[EXERCISE DATA]

::::::

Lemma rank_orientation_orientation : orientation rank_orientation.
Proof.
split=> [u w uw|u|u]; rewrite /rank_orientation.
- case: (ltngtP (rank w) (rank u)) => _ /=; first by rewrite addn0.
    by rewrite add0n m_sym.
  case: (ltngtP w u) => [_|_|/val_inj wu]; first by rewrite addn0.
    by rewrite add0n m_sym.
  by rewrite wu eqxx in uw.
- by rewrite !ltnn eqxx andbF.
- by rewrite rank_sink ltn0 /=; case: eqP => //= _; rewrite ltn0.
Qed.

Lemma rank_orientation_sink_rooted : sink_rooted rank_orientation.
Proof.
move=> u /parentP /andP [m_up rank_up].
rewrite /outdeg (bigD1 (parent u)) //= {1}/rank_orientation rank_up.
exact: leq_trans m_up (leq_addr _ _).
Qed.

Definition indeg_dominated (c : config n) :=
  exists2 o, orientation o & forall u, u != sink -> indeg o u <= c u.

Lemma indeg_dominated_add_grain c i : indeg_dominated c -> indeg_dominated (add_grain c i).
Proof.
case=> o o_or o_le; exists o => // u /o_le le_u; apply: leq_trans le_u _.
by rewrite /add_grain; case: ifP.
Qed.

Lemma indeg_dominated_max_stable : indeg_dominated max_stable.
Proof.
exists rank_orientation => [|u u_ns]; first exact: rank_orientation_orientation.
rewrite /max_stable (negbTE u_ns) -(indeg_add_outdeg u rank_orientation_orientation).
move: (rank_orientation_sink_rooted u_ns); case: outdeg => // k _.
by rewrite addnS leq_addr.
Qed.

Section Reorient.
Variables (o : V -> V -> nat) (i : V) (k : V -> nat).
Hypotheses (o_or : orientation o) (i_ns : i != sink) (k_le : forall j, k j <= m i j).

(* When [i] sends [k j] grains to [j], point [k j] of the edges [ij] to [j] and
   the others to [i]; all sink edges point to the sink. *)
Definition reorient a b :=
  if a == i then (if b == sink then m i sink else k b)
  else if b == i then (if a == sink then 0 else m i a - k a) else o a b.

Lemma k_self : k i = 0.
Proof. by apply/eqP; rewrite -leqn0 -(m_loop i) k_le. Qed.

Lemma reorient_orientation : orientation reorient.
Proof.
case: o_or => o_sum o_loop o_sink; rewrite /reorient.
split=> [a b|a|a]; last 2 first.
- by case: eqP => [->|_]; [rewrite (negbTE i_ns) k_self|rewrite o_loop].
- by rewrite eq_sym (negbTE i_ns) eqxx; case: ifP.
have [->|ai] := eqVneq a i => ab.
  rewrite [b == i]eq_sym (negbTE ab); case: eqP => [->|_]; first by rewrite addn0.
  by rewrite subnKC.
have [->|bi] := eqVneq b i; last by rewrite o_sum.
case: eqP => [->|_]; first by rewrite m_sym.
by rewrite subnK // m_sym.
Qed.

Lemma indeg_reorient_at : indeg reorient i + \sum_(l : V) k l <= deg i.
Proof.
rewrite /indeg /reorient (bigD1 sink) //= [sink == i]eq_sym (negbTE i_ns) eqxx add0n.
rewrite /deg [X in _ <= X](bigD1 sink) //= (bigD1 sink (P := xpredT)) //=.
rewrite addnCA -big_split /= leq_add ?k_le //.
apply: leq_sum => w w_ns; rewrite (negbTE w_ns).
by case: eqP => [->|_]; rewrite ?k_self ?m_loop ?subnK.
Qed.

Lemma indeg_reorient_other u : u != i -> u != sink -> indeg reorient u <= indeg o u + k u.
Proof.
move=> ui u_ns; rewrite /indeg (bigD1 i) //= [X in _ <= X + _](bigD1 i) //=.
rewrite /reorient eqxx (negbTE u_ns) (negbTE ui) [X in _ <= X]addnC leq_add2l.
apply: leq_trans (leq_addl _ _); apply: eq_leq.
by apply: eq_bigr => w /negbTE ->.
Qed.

::::::

[PROBLEM REQUIREMENTS]
Take every line from the listing above that includes the word "forall" and copy it.

[RESULT OF THE EXERCISE]
  exists2 o, orientation o & forall u, u != sink -> indeg o u <= c u.
Hypotheses (o_or : orientation o) (i_ns : i != sink) (k_le : forall j, k j <= m i j).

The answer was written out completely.